_Task statement:_ Every line in the data below from the one containing "- eapply compact_ext;" down to the one containing "destruct (classic (Rl", both included, must be retyped exactly; no other line is to appear.

_Saved entries:_
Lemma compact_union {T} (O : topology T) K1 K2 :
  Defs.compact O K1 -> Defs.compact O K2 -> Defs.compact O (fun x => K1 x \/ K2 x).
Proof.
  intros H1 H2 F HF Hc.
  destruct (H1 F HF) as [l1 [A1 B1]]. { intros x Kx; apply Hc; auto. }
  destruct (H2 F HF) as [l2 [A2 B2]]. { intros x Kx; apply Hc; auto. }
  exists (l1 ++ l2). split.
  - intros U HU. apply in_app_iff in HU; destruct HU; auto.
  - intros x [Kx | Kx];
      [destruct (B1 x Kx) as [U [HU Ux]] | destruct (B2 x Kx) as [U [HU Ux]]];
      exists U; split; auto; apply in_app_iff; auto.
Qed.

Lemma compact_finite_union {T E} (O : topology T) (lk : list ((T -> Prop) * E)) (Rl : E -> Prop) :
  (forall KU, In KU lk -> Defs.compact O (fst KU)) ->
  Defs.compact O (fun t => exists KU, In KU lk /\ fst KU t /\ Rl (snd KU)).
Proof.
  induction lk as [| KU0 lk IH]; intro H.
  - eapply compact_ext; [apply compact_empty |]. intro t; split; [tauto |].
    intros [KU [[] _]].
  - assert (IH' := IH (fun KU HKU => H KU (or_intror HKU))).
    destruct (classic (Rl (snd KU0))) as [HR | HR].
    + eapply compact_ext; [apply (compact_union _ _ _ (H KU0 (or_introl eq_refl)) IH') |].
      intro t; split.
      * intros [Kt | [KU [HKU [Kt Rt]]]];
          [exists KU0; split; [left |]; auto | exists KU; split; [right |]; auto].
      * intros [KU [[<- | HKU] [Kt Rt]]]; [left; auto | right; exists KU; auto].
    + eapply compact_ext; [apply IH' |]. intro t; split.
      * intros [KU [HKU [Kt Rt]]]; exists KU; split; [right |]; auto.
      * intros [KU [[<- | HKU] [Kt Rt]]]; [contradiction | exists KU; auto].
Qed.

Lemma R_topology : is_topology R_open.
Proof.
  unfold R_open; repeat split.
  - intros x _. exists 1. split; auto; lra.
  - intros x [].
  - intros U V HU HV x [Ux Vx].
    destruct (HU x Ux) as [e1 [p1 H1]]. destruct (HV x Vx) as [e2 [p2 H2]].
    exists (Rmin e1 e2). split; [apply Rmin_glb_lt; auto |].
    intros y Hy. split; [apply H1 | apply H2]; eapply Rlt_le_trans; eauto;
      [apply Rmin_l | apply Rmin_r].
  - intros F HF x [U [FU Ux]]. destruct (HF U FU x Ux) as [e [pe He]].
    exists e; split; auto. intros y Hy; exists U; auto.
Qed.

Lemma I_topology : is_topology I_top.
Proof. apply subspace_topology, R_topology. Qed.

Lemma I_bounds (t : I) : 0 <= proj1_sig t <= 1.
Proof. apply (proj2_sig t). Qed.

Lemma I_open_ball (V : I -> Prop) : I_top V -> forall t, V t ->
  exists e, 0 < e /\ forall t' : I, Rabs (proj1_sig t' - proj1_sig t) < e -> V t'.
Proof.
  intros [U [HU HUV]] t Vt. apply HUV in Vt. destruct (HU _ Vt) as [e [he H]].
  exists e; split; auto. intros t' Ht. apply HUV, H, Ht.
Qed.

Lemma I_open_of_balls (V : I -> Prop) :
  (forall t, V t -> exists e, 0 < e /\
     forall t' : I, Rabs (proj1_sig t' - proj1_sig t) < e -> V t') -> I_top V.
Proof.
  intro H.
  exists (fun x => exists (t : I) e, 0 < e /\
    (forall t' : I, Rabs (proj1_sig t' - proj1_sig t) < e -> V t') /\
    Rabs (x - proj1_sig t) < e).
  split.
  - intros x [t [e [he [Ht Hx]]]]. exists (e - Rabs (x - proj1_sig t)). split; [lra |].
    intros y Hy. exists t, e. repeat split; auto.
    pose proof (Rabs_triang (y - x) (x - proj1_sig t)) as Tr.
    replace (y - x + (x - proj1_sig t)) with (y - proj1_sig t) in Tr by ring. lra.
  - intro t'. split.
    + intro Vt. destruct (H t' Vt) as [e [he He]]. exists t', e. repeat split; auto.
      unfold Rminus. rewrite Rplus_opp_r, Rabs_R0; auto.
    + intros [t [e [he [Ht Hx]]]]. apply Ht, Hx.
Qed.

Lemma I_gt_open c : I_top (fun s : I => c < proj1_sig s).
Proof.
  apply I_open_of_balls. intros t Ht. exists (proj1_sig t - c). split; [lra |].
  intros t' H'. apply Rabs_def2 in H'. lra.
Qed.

_Answer for this exercise:_
  - eapply compact_ext; [apply compact_empty |]. intro t; split; [tauto |].
    intros [KU [[] _]].
  - assert (IH' := IH (fun KU HKU => H KU (or_intror HKU))).
    destruct (classic (Rl (snd KU0))) as [HR | HR].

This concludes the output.